C’est le domaine de la santé et des services sociaux (898 millions de dollars) qui est à l’origine de la majeure partie de la hausse. Cela s’explique par les augmentations salariales accordées après que des centaines de milliers de travailleurs des services publics eurent déclenché des grèves à la fin de 2023.
Parmi les autres éléments pesant lourdement sur les dépenses, mentionnons les fonds supplémentaires pour les projets d’infrastructure (786 millions de dollars) et la majoration des coûts des crédits d’impôt remboursables (201 millions de dollars).
Le gouvernement du Québec réduit de moitié sa provision pour éventualités (à 750 millions de dollars) afin de combler l’écart entre les revenus et les dépenses, tout en laissant inchangé sa prévision de déficit cette année (à 11 milliards de dollars).
Le fardeau de la dette de la province s’est légèrement amélioré
Au cours des deux dernières années, le Québec a enregistré une croissance plus forte que prévu, ce qui a amélioré sa situation financière.
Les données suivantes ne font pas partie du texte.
Lemma interval_row_range (i : 'I_2) (j0 : 'I_n) : (i, j0) \in I ->
  exists b d : 'I_n, b <= d /\ forall j : 'I_n, ((i, j) \in I) = (b <= j <= d).
Proof.
move=> j0I.
case: (@arg_minnP _ j0 (fun j => (i, j) \in I) val j0I) => b bI bmin.
case: (@arg_maxnP _ j0 (fun j => (i, j) \in I) val j0I) => d dI dmax.
exists b, d; split=> [|j]; first exact: bmin.
apply/idP/idP => [jI | /andP[bj jd]]; first by rewrite bmin //=; apply: dmax.
by apply: interval_convex bI dI (reach_row _ bj) (reach_row _ jd).
Qed.

Lemma interval_rows_meet (j1 j2 : 'I_n) : (grow1, j1) \in I -> (grow2, j2) \in I ->
  exists j : 'I_n, ((grow1, j) \in I) && ((grow2, j) \in I).
Proof.
move=> x1I x2I; case: intI => _ [conn _].
case/connectP: (conn _ _ x1I x2I) => p.
elim: p j1 x1I => [|[i j] p IH] j1 x1I /=.
  by move=> _ /(congr1 (fun v : vtx n => val v.1)).
case/andP => /and3P[_ zI e] pz ey; case: (ord2P i) => ei; subst i.
  exact: IH zI pz ey.
exists j1; rewrite x1I (_ : j1 = j) //; apply: val_inj.
by move: e; rewrite !arrowE /=; lia.
Qed.

End Interval.

Lemma interval_staircase I : is_interval I ->
  (exists (i : 'I_2) (b d : 'I_n), b <= d /\ I = rowI i b d) \/
  (exists b1 d1 b2 d2 : 'I_n, [/\ b2 <= b1, b1 <= d2, d2 <= d1 & I = stair b1 d1 b2 d2]).
Proof.
move=> intI; have [nonempty _] := intI.
case: (pickP [pred j | (grow1, j) \in I]) => [j1 r1 | e1];
case: (pickP [pred j | (grow2, j) \in I]) => [j2 r2 | e2] /=.
- right; have [b1 [d1 [bd1 E1]]] := interval_row_range intI r1.
  have [b2 [d2 [bd2 E2]]] := interval_row_range intI r2.
  have [j0 /andP[j1I j2I]] := interval_rows_meet intI r1 r2.
  have b1d2 : b1 <= d2 by move: j1I j2I; rewrite E1 E2; lia.
  have b1I : (grow1, b1) \in I by rewrite E1 leqnn.
  have d2I : (grow2, d2) \in I by rewrite E2 leqnn bd2.
  have := interval_convex intI b1I d2I (reach_down _) (reach_row _ b1d2).
  have := interval_convex intI b1I d2I (reach_row _ b1d2) (reach_down _).
  rewrite E1 E2 => d2d1 b2b1.
  exists b1, d1, b2, d2; split; try lia.
  by apply: vtx_setP => j; rewrite stairE /= ?E1 ?E2 //= orbF.
- left; have [b [d [bd E]]] := interval_row_range intI r1.
  exists grow1, b, d; split=> //.
  by apply: vtx_setP => j; rewrite rowIE /= ?E //; apply: e2.
- left; have [b [d [bd E]]] := interval_row_range intI r2.
  exists grow2, b, d; split=> //.
  by apply: vtx_setP => j; rewrite rowIE /= ?E //; apply: e1.
- case/set0Pn: nonempty => -[i j]; case: (ord2P i) => -> jI.
    by move: (e1 j); rewrite /= jI.
  by move: (e2 j); rewrite /= jI.
Qed.

Section StairSourcesSinks.
Variables (b1 d1 b2 d2 : 'I_n).
Hypotheses (b21 : b2 <= b1) (b1d2 : b1 <= d2) (d21 : d2 <= d1).

Lemma Isrc_stair x : (x \in Isrc (stair b1 d1 b2 d2)) =
  (x == (grow1, b1)) || (b2 < b1) && (x == (grow2, b2)).
Proof.
case: x => i j; have := ltn_ord i; rewrite inE stairE !xpair_eqE -!val_eqE /= => i2.
apply/andP/idP => [[jI /forall_inP noin] | src].
  have := noin (i, prev_col j); have := noin (grow1, j).
  by rewrite !stairE !arrowE /=; lia.
split; first lia.
by apply/forall_inP => -[i' j']; have := ltn_ord i'; rewrite stairE arrowE /=; lia.
Qed.

Lemma Isnk_stair x : (x \in Isnk (stair b1 d1 b2 d2)) =
  (x == (grow2, d2)) || (d2 < d1) && (x == (grow1, d1)).
Proof.
case: x => i j; have := ltn_ord i; rewrite inE stairE !xpair_eqE -!val_eqE /= => i2.
apply/andP/idP => [[jI /forall_inP noout] | snk].
  have := noout (grow2, j); rewrite stairE arrowE /=.
  case: (ltnP j d1) => [jd1 | ?]; last lia.
  by have := noout (i, next_col jd1); rewrite stairE arrowE /=; lia.
split; first lia.
by apply/forall_inP => -[i' j']; have := ltn_ord i'; rewrite stairE arrowE /=; lia.
Qed.

End StairSourcesSinks.

Section RowSourcesSinks.
Variables (i0 : 'I_2) (b d : 'I_n).
Hypothesis bd : b <= d.

Lemma Isrc_rowI x : (x \in Isrc (rowI i0 b d)) = (x == (i0, b)).
Proof.
case: x => i j; have := ltn_ord i; have := ltn_ord i0.
rewrite inE rowIE !xpair_eqE -!val_eqE /= => i02 i2.
apply/andP/idP => [[jI /forall_inP noin] | src].
  by have := noin (i, prev_col j); rewrite rowIE arrowE /=; lia.
split; first lia.
by apply/forall_inP => -[i' j']; have := ltn_ord i'; rewrite rowIE arrowE /=; lia.
Qed.

Lemma Isnk_rowI x : (x \in Isnk (rowI i0 b d)) = (x == (i0, d)).
Proof.
case: x => i j; have := ltn_ord i; have := ltn_ord i0.
rewrite inE rowIE !xpair_eqE -!val_eqE /= => i02 i2.
apply/andP/idP => [[jI /forall_inP noout] | snk].
  case: (ltnP j d) => [jd | ?]; last lia.
  by have := noout (i, next_col jd); rewrite rowIE arrowE /=; lia.
split; first lia.
by apply/forall_inP => -[i' j']; have := ltn_ord i'; rewrite rowIE arrowE /=; lia.
Qed.

End RowSourcesSinks.

End Grid.

Section Cases.
Variable n : nat.
Implicit Types (I : {set vtx n}).

Lemma stair_inj (b1 d1 b2 d2 b1' d1' b2' d2' : 'I_n) :
  b2 <= b1 <= d2 -> d2 <= d1 -> b2' <= b1' <= d2' -> d2' <= d1' ->
  stair b1 d1 b2 d2 = stair b1' d1' b2' d2' -> [/\ b1 = b1', d1 = d1', b2 = b2' & d2 = d2'].
Proof.
move=> b_ch d21 b_ch' d21' e.
have m x : (x \in stair b1 d1 b2 d2) = (x \in stair b1' d1' b2' d2') by rewrite e.
have := m (grow1, b1); have := m (grow1, d1); have := m (grow2, b2); have := m (grow2, d2).
have := m (grow1, b1'); have := m (grow1, d1'); have := m (grow2, b2'); have := m (grow2, d2').
by rewrite !stairE /= => *; split; apply: ord_inj; lia.
Qed.

Lemma rowI_neq_stair (i : 'I_2) (b d b1 d1 b2 d2 : 'I_n) :
  b2 <= b1 <= d2 -> d2 <= d1 -> rowI i b d <> stair b1 d1 b2 d2.
Proof.
move=> b_ch d21 e; have := ltn_ord i.
have := congr1 (fun J : {set vtx n} => ((grow1, b1) \in J) && ((grow2, b2) \in J)) e.
by rewrite /= !rowIE !stairE /=; lia.
Qed.

(* The four cases of the theorem are the four values of [(b2 < b1, d2 < d1)]. *)
Definition stair_kind I (k : bool * bool) :=
  exists b1 d1 b2 d2 : 'I_n,
    [/\ b2 <= b1 <= d2, d2 <= d1, (b2 < b1, d2 < d1) = k & I = stair b1 d1 b2 d2].

Lemma stair_kind_inj I k k' : stair_kind I k -> stair_kind I k' -> k = k'.
Proof.
case=> b1 [d1 [b2 [d2 [b_ch d21 <- ->]]]] [b1' [d1' [b2' [d2' [b_ch' d21' <-]]]]].
by case/(stair_inj b_ch d21 b_ch' d21') => -> -> -> ->.
Qed.

Lemma rect_stair_kind I k : is_rect I -> stair_kind I k -> k = (false, false).
Proof.
case=> [[i [b [d [_ ->]]]] | [b [d [bd ->]]]] kI.
  by case: kI => b1 [d1 [b2 [d2 [b_ch d21 _ /(rowI_neq_stair b_ch d21)]]]].
by apply: stair_kind_inj kI _; exists b, d, b, d; rewrite !leqnn bd !ltnn.
Qed.

Lemma caseB_kind I : caseB I -> stair_kind I (true, false).
Proof.
case=> b1 [d1 [b2 [d2 [/and3P[b21 b1d2 /eqP ed] ->]]]]; subst d1.
by exists b1, d2, b2, d2; rewrite (ltnW b21) b1d2 b21 leqnn ltnn.
Qed.

Lemma caseC_kind I : caseC I -> stair_kind I (false, true).
Proof.
case=> b1 [d1 [b2 [d2 [/and3P[/eqP eb b1d2 d21] ->]]]]; subst b2.
by exists b1, d1, b1, d2; rewrite leqnn b1d2 (ltnW d21) d21 ltnn.
Qed.

Lemma caseD_kind I : caseD I -> stair_kind I (true, true).
Proof.
case=> b1 [d1 [b2 [d2 [/and3P[b21 b1d2 d21] ->]]]].
by exists b1, d1, b2, d2; rewrite (ltnW b21) b1d2 (ltnW d21) b21 d21.
Qed.

Lemma interval_exactly_one_case I : is_interval I ->
  exactly_one4 (is_rect I) (caseB I) (caseC I) (caseD I).
Proof.
move=> intI; split.
  have ltn_of_neq (a b : 'I_n) : a != b -> a <= b -> a < b.
    by move=> ne le; rewrite ltn_neqAle le andbT.
  case: (interval_staircase intI) => [[i [b [d [bd ->]]]] | [b1 [d1 [b2 [d2 [b21 b1d2 d21 ->]]]]]].
    by left; left; exists i, b, d.
  have [eb|/ltn_of_neq/(_ b21) lt_b] := eqVneq b2 b1;
  have [ed|/ltn_of_neq/(_ d21) lt_d] := eqVneq d2 d1; subst.
  - by left; right; exists b1, d1.
  - by right; right; left; exists b1, d1, b1, d2; rewrite eqxx b1d2 lt_d.
  - by right; left; exists b1, d1, b2, d1; rewrite lt_b b1d2 eqxx.
  - by right; right; right; exists b1, d1, b2, d2; rewrite lt_b b1d2 lt_d.
do !split.
- by case=> rI /caseB_kind /(rect_stair_kind rI).
- by case=> rI /caseC_kind /(rect_stair_kind rI).
- by case=> rI /caseD_kind /(rect_stair_kind rI).
- by case=> /caseB_kind kB /caseC_kind /(stair_kind_inj kB).
- by case=> /caseB_kind kB /caseD_kind /(stair_kind_inj kB).
- by case=> /caseC_kind kC /caseD_kind /(stair_kind_inj kC).
Qed.

End Cases.

Local Open Scope ring_scope.

Section Idempotent.
Variables (K : fieldType) (m : nat) (E : 'M[K]_m).

Lemma row_base_factor : E *m pinvmx (row_base E) *m row_base E = E.
Proof. by rewrite mulmxKpV // eq_row_base. Qed.
(* Let $k\in\mathbb{Z}$ with $k<-2$, $j\in\{-\tfrac12,-1,\dots\}$, $s\in\mathbb{Z}$, and let $V$ be any of the modules $D^{k,s}_0$, $D^{+,k,s}_j$, $D^{-,k,s}_j$, with its $\mathbb{Z}\times\mathbb{Z}$ grading $V=\bigoplus_{m,n\in\mathbb{Z}}V_{m,n}$. Then (i) $\dim_\mathbb{C}V_{m,n}<\infty$ for all $m,n\in\mathbb{Z}$; (ii) for every $n\in\mathbb{Z}$ there is $N_n\in\mathbb{Z}$ such that $V_{m,n}=\{0\}$ for all $m\le N_n$.
   Context: $\mathfrak{sl}_2$ has basis $J^+,J^-,J^0$ with $[J^+,J^-]=J^0$, $[J^0,J^\pm]=\pm2J^\pm$. For $j\in-\tfrac12\mathbb{N}$, $D^+_j$ is the $\mathfrak{sl}_2$-module with basis $\{|j,m\rangle_+\}_{m\ge0}$, $J^0|j,m\rangle_+=2(m-j)|j,m\rangle_+$, $J^+|j,m\rangle_+=\sqrt{(m+1)(m-2j)}|j,m+1\rangle_+$, $J^-|j,m\rangle_+=-\sqrt{m(m-1-2j)}|j,m-1\rangle_+$; $D^-_j$ has basis $\{|j,m\rangle_-\}_{m\ge0}$, $J^0|j,m\rangle_-=2(j-m)|j,m\rangle_-$, $J^+|j,m\rangle_-=-\sqrt{m(m-1-2j)}|j,m-1\rangle_-$, $J^-|j,m\rangle_-=\sqrt{(m+1)(m-2j)}|j,m+1\rangle_-$; $D_0=\mathbb{C}$ is the trivial module. $\widehat{\mathfrak{sl}}_2$ has generators $J^a_n$ ($a\in\{+,-,0\}$, $n\in\mathbb{Z}$), $K$, $d$ with $[J^+_m,J^-_n]=J^0_{m+n}+Km\delta_{m+n,0}$, $[J^0_m,J^\pm_n]=\pm2J^\pm_{m+n}$, $[J^0_m,J^0_n]=2Km\delta_{m+n,0}$, $[J^\pm_m,J^\pm_n]=0$, $[d,J^a_n]=nJ^a_n$, $K$ central; $J^a_0$ is identified with $J^a$. With $\mathfrak{r}_+=\mathrm{span}\{J^a_n:n\ge1\}$, $\mathfrak{k}=\mathrm{span}\{J^a_0,K,d\}$, the prolongation of $V\in\{D^\pm_j,D_0\}$ at level $k$ is $V^k=\mathcal{U}(\widehat{\mathfrak{sl}}_2)\otimes_{\mathcal{U}(\mathfrak{k}\oplus\mathfrak{r}_+)}V^{(k)}$, where on $V^{(k)}=V$ the element $K$ acts as $k$, $\mathfrak{r}_+$ as $0$, and $d$ by the scalar $-\frac{j(j+1)}{k+2}$ (for $D^\pm_j$) resp. $0$ (for $D_0$). The spectral flow automorphism $\vartheta_s$ is $J^\pm_n\mapsto J^\pm_{n\mp s}$, $J^0_n\mapsto J^0_n-sK\delta_{n,0}$, $K\mapsto K$, $d\mapsto d+\frac s2J^0_0-\frac{s^2}4K$, and for a module $(W,\rho)$, $W^s=(W,\rho\circ\vartheta_s)$. Set $D^{\pm,k,s}_j=((D^\pm_j)^k)^s$, $D^{k,s}_0=((D_0)^k)^s$. The distinguished cyclic vector of such a module is $v_0=1\otimes|j,0\rangle_\pm$ resp. $1\otimes1$; it is a simultaneous eigenvector of $d$ and $J^0_0$ (for the flowed action) with eigenvalues $\delta_0,q_0$. The $\mathbb{Z}\times\mathbb{Z}$ grading is $V_{m,n}=\{v\in V: dv=(\delta_0-m)v,\ J^0_0v=(q_0+2n)v\}$ (so $-d$, which acts as the Sugawara $L_0$, has eigenvalue $-\delta_0+m$ on $V_{m,n}$), and $V=\bigoplus_{m,n}V_{m,n}$. *)

From HB Require Import structures.
From mathcomp Require Import all_boot all_order all_algebra.
From mathcomp Require Import reals.
From mathcomp Require Import complex.
Set Implicit Arguments. Unset Strict Implicit. Unset Printing Implicit Defensive.
Import Order.TTheory GRing.Theory Num.Theory.
Local Open Scope ring_scope.
(* Let $\varrho$ be a three-qubit state on parties $A,B,C$ that can be prepared in the triangle network. If $\langle Z_AZ_B\rangle_\varrho+\langle Z_BZ_C\rangle_\varrho-1\ge 0$, then $$\langle X_AX_BX_C\rangle_\varrho^2+\big(\langle Z_AZ_B\rangle_\varrho+\langle Z_BZ_C\rangle_\varrho-1\big)^2\le 1.$$
   Context: $X,Y,Z$ are Pauli matrices; $X_AX_BX_C=\sigma_x\otimes\sigma_x\otimes\sigma_x$, $Z_AZ_B=\sigma_z\otimes\sigma_z\otimes\mathbb 1$, etc., and $\langle O\rangle_\varrho=\mathrm{Tr}(O\varrho)$. Triangle network: three sources $\varrho_a,\varrho_b,\varrho_c$ (finite-dimensional, arbitrary dimension), each bipartite, shared respectively by $BC$, $AC$, $AB$. A state can be prepared in the triangle network if $\varrho=\sum_\lambda p_\lambda\,\mathcal E_A^{(\lambda)}\otimes\mathcal E_B^{(\lambda)}\otimes\mathcal E_C^{(\lambda)}[\varrho_a\otimes\varrho_b\otimes\varrho_c]$ (subsystems suitably ordered), with a probability distribution $p_\lambda$ and quantum channels $\mathcal E_X^{(\lambda)}$ mapping the two subsystems received by party $X$ to a qubit. *)

From HB Require Import structures.
From mathcomp Require Import all_boot all_order all_algebra.
From mathcomp.real_closed Require Import complex.
Set Implicit Arguments. Unset Strict Implicit. Unset Printing Implicit Defensive.
Import Order.TTheory GRing.Theory Num.Theory.
Local Open Scope ring_scope.

Section Quantum.
Variable R : rcfType.
Local Notation C := R[i].

Definition op (I : finType) := I -> I -> C.

(* positive semidefinite: <v|rho|v> >= 0 for every vector v (the order on C:
   0 <= z iff z is real and nonnegative) *)
Definition psd (I : finType) (rho : op I) : Prop :=
  forall v : I -> C, 0 <= \sum_i \sum_j conjc (v i) * rho i j * v j.

Definition trace (I : finType) (rho : op I) : C := \sum_i rho i i.

Definition is_state (I : finType) (rho : op I) : Prop :=
  psd rho /\ trace rho = 1.

Definition expect (I : finType) (O rho : op I) : C :=
  \sum_i \sum_j O i j * rho j i.
Lemma boundary_cone (w : {fset nat}) u : u \notin w ->
  boundary (w `|` [fset u]) = [fset w] `|` cone_boundary w u.
Proof.
move=> uw; have wU a : a \in w -> (w `|` [fset u]) `\ a = w `\ a `|` [fset u].
  move=> aw; apply/fsetP=> x; rewrite !inE.
  by case: (x =P u) => [->|_]; rewrite ?orbF ?orbT // andbT; apply: contraNneq uw => ->.
have wUu : (w `|` [fset u]) `\ u = w by rewrite fsetUC fsetU1K.
apply/fsetP=> t; apply/boundaryP/idP.
- case=> a; rewrite in_fsetU in_fset1 => /orP[aw ->|/eqP -> ->].
    by rewrite wU // in_fsetU mem_cone_boundary ?orbT.
  by rewrite wUu in_fsetU in_fset1 eqxx.
- rewrite in_fsetU in_fset1 => /orP[/eqP ->|/cone_boundaryP[a aw ->]].
    by exists u; rewrite ?wUu // !inE eqxx orbT.
  by exists a; rewrite ?wU // in_fsetU aw.
Qed.

Lemma pseudomanifold_cone_boundary d (G : cplx) (w : {fset nat}) v :
  pseudomanifold_family d G -> (1 <= d)%N -> v \notin w -> #|` w| = d.+1 -> w \in G ->
  cone_boundary w v `<=` G -> G = boundary (w `|` [fset v]).
Proof.
move=> [uG _ pG cG] d_gt0 vw hw wG CG.
have [_ sharedB _ _] : pseudomanifold_family d (boundary (w `|` [fset v])).
  by apply: boundary_pseudomanifold; rewrite // fsetUC cardfsU1 vw hw.
apply/esym/(ridges_shared_sub_eq uG pG cG _ _ sharedB); rewrite boundary_cone //.
  by rewrite fsubUset fsub1set wG.
by apply/fset0Pn; exists w; rewrite !inE eqxx.
Qed.
(* For every Tychonoff space $X$, the following are equivalent: (1) $C_p(X)\models S_{fin}(\Gamma_f,\Gamma_f)$ for every $f\in C_p(X)$; (2) $X\models S_{fin}(\Gamma_F,\Gamma)$; (3) $X\models S_{fin}(\Gamma_{cl},\Gamma_{cl})$ and $X$ is strongly zero-dimensional; (4) $X\models S_1(\Gamma_F,\Gamma)$.
   Context: All spaces are Tychonoff; $C_p(X)$ is $C(X)$ with pointwise convergence topology. For $y$ in a space $Y$: $\Gamma_y=\{A\subseteq Y: A$ infinite, $y\notin A$, every neighbourhood of $y$ contains all but finitely many points of $A\}$. Zero-set: $g^{-1}(0)$, $g\in C(X)$; cozero-set: its complement. A cover $\mathcal U$ of $X$ always means $X=\bigcup\mathcal U$, $X\notin\mathcal U$; $\gamma$-cover: infinite, each point in all but finitely many members. $\Gamma$: open $\gamma$-covers; $\Gamma_{cl}$: clopen $\gamma$-covers. $\Gamma_F$: $\gamma$-covers $\mathcal U$ of $X$ by cozero-sets for which there are zero-sets $F(U)\subseteq U$ ($U\in\mathcal U$) with $\{F(U):U\in\mathcal U\}$ a $\gamma$-cover of $X$. $S_1(\mathcal A,\mathcal B)$: for every sequence $(A_n)$ from $\mathcal A$ there are $b_n\in A_n$ with $\{b_n\}\in\mathcal B$; $S_{fin}(\mathcal A,\mathcal B)$: there are finite $B_n\subseteq A_n$ with $\bigcup_nB_n\in\mathcal B$. *)

From Stdlib Require Import Reals Lra List Classical.
Open Scope R_scope.
Set Implicit Arguments.
Unset Strict Implicit.

Record Topology (X : Type) := mkTop {
  is_open : (X -> Prop) -> Prop;
  open_all : is_open (fun _ => True);
  open_inter : forall U V, is_open U -> is_open V -> is_open (fun x => U x /\ V x);
  open_union : forall F : (X -> Prop) -> Prop,
      (forall U, F U -> is_open U) -> is_open (fun x => exists U, F U /\ U x)
}.
Arguments is_open {X} t U.

Definition is_closed {X} (T : Topology X) (A : X -> Prop) : Prop :=
  is_open T (fun x => ~ A x).
Definition is_clopen {X} (T : Topology X) (A : X -> Prop) : Prop :=
  is_open T A /\ is_closed T A.

Definition R_open (O : R -> Prop) : Prop :=
  forall r, O r -> exists eps, eps > 0 /\ forall s, Rabs (s - r) < eps -> O s.

Definition continuous {X} (T : Topology X) (f : X -> R) : Prop :=
  forall O, R_open O -> is_open T (fun x => O (f x)).

Definition T1 {X} (T : Topology X) : Prop :=
  forall x y : X, x <> y -> exists U, is_open T U /\ U y /\ ~ U x.
Definition completely_regular {X} (T : Topology X) : Prop :=
  forall (F : X -> Prop) (x : X), is_closed T F -> ~ F x ->
    exists f : X -> R, continuous T f /\ (forall y, 0 <= f y <= 1) /\
      f x = 0 /\ (forall y, F y -> f y = 1).
Definition Tychonoff {X} (T : Topology X) : Prop := T1 T /\ completely_regular T.
Lemma newton_invariant i :
  [/\ nonneg (y i), vsum (y i) <= 1 & nonneg (f (y i))].
Proof.
elim: i => [|i [y0 sy1 f0]].
  split; [exact: nonneg0 | by rewrite vsum0 ler01 |].
  have alpha_le1 : alpha <= 1.
    by apply: ltW; apply: le_lt_trans alpha_k_lt1; rewrite ler_peMr // ler1n.
  move=> j; rewrite /mlpr_f subr0 mxE.
  apply: addr_ge0; rewrite mxE mulr_ge0 ?subr_ge0 ?Hv.1 //.
  exact (flat_apply_ge0 HP (fun _ => @nonneg0 _ _) j).
have U := unitmx_mlpr_J HP alpha_ge0 y0 sy1 alpha_k_lt1.
have d0 : nonneg (y i.+1 - y i).
  by apply: linearised_nonneg y0 sy1 _; rewrite newton_succE.
have y'0 : nonneg (y i.+1).
  by move=> j; have := d0 j; have := y0 j; rewrite !mxE; lra.
have s01 : 0 <= vsum (y i) <= 1 by rewrite vsum_ge0.
have [e'0 _ _] := scalar_newton_step k_gt0 alpha_ge0 alpha_k_lt1 s01 (vsum_newton_succ U).
split=> //; first by lra.
rewrite mlpr_f_newton_succ // => j; rewrite mxE mulr_ge0 //.
by apply: tpow_convex.
Qed.

Lemma newton_unitmx i : mlpr_J P alpha (y i) \in unitmx.
Proof.
have [y0 sy1 _] := newton_invariant i.
exact (unitmx_mlpr_J HP alpha_ge0 y0 sy1 alpha_k_lt1).
Qed.

Definition deficit i := 1 - vsum (y i).

Lemma deficit_ge0 i : 0 <= deficit i.
Proof. by have [_ sy1 _] := newton_invariant i; rewrite subr_ge0. Qed.

Lemma deficit_step i : [/\ deficit i.+1 <= alpha * k%:R * deficit i &
  (1 - alpha * k%:R) * deficit i.+1 <= k%:R ^+ 2 * deficit i ^+ 2].
Proof.
have [y0 sy1 _] := newton_invariant i.
have s01 : 0 <= vsum (y i) <= 1 by rewrite vsum_ge0.
by have [] := scalar_newton_step k_gt0 alpha_ge0 alpha_k_lt1 s01
  (vsum_newton_succ (newton_unitmx i)).
Qed.

Lemma deficit_small (eps : R) : 0 < eps -> exists N, forall i, (N <= i)%N -> deficit i < eps.
Proof.
have decr i : deficit i.+1 <= alpha * k%:R * deficit i by have [] := deficit_step i.
exact (contraction_seq_small alpha_k_lt1 deficit_ge0 decr (eps := eps)).
Qed.

Lemma newton_le_succ i : nonneg (y i.+1 - y i).
Proof.
have [y0 sy1 f0] := newton_invariant i.
by apply: (linearised_nonneg y0 sy1); rewrite newton_succE // newton_unitmx.
Qed.

Lemma newton_le i i' j : (i <= i')%N -> y i j 0 <= y i' j 0.
Proof.
move/subnK <-; elim: (i' - i)%N => [|d IH]; first by rewrite add0n.
by apply: le_trans IH _; have := newton_le_succ (d + i) j; rewrite !mxE subr_ge0.
Qed.

Lemma newton_le_fixpoint x : nonneg x -> x = alpha *: tpow x + (1 - alpha) *: v ->
  forall i, nonneg (x - y i).
Proof.
move=> x0 x_fix; elim=> [|i IH]; first by rewrite subr0.
have [y0 sy1 f0] := newton_invariant i.
have E := newton_succE (newton_unitmx i).
have E' : (x - y i.+1) - aM (y i) *m (x - y i.+1) =
    alpha *: (tpow x - tpow (y i) - flat_deriv P (y i) *m (x - y i)).
  move: E; rewrite -!scalemxAl /mlpr_f => E; apply/matrixP => a b.
  have := congr1 (fun M : 'cV[R]_n => M a b) E.
  have := congr1 (fun M : 'cV[R]_n => M a b) x_fix.
  rewrite !mulmxBr !mxE => ? ?; lra.
apply: (linearised_nonneg y0 sy1); rewrite E' => j; rewrite mxE mulr_ge0 //.
exact (tpow_convex HP y0 IH j).
Qed.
Par conséquent, l’évaluation de la dette par rapport à la taille de l’économie semble légèrement plus favorable et offre un meilleur point de départ. Cela dit, le fardeau de la dette continuera à s’alourdir à court terme.
Le ratio dette nette/PIB de la province, qui était de 38 % en mars 2024, s’élèvera à 39 % en mars 2025. Il devrait culminer à 39,8 % en mars 2026 avant de diminuer graduellement pour atteindre 38,6 % vers la fin du plan financier, en 2029. Il s’agit d’une amélioration marginale comparativement aux pourcentages précédemment anticipés (40,3 % pour l’exercice en cours et un sommet de 41 % en 2025-2026).
L’augmentation importante du déficit et du profil d’endettement figurant dans le budget 2024 était décevante, mais l’absence d’une feuille de route pour un retour à l’équilibre l’était encore plus. Or, la mise à jour de jeudi n’a pas changé grand-chose à cet égard.
Le Québec demeure l’une des provinces les plus endettées, ce qui lui donne moins de souplesse budgétaire que d’autres pour faire face à des chocs imprévus. Le budget 2025 est attendu avec impatience, car le gouvernement s’est engagé à établir un plan détaillé d’équilibre budgétaire d’ici 2029-2030.
Rachel Battaglia est économiste à RBC. Elle est membre du groupe d’Analyse macroéconomique et régionale et fournit des analyses des perspectives macroéconomiques provinciales.